Try it
Repeat word for word, please, only the lines from the one that includes "- by apply/set0Pn;" through the final line of the data.

Records contained in a dataset:
Lemma tree_exchange E VS ES a b x t : is_tree E VS ES -> [set a; b] \in ES ->
  path (adjE E) x t -> connect (adjE (ES :\ [set a; b])) a x ->
  connect (adjE (ES :\ [set a; b])) b (last x t) ->
  exists2 ES' : {set {set V}},
    ES' \subset (ES :\ [set a; b]) :|: [set e | e \in walk_edges (x :: t)] &
    is_tree E (VS :|: [set v | v \in x :: t]) ES'.
Proof.
move=> [VS_n0 sESE ES_VS ES_conn _] ab_ES xt_E ax b_last.
set F := ES :\ _; set W := [set e | _]; set D := [set v | _].
have a_VS : a \in VS by apply: (subsetP (ES_VS _ ab_ES)); rewrite !inE eqxx.
have lift_F := connect_adjE_subset (subsetUl F W).
have lift_W := connect_adjE_subset (subsetUr F W).
have x_last : connect (adjE W) x (last x t).
  by apply: (path_connect (walk_edges_path x t)); apply: mem_last.
have x_conn u : u \in VS :|: D -> connect (adjE (F :|: W)) x u.
  rewrite in_setU inE => /orP[u_VS | u_xt]; last exact/lift_W/(path_connect (walk_edges_path x t)).
  case/orP: (connect_setD1_pair b (ES_conn _ _ a_VS u_VS)) => [au | bu].
    by apply/lift_F; rewrite connect_adjE_sym in ax; apply: connect_trans ax au.
  apply: connect_trans (lift_W _ _ x_last) (lift_F _ _ _).
  by rewrite connect_adjE_sym in b_last; apply: connect_trans b_last bu.
apply: exists_spanning_tree.
- by apply/set0Pn; exists a; rewrite in_setU a_VS.
- apply/subsetP => e; rewrite in_setU in_setD1 inE => /orP[/andP[_ /(subsetP sESE)] // | ].
  exact: walk_edges_subset.
- move=> e; rewrite in_setU in_setD1 inE => /orP[/andP[_ /ES_VS] | /walk_edges_sub_vertices].
    by move/subset_trans; apply; apply: subsetUl.
  by move/subset_trans; apply; apply: subsetUr.
- by move=> u v /x_conn xu /x_conn xv; rewrite connect_adjE_sym in xu; apply: connect_trans xu xv.
Qed.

Response for this exercise
- by apply/set0Pn; exists a; rewrite in_setU a_VS.
- apply/subsetP => e; rewrite in_setU in_setD1 inE => /orP[/andP[_ /(subsetP sESE)] // | ].
  exact: walk_edges_subset.
- move=> e; rewrite in_setU in_setD1 inE => /orP[/andP[_ /ES_VS] | /walk_edges_sub_vertices].
    by move/subset_trans; apply; apply: subsetUl.
  by move/subset_trans; apply; apply: subsetUr.
- by move=> u v /x_conn xu /x_conn xv; rewrite connect_adjE_sym in xu; apply: connect_trans xu xv.
Qed.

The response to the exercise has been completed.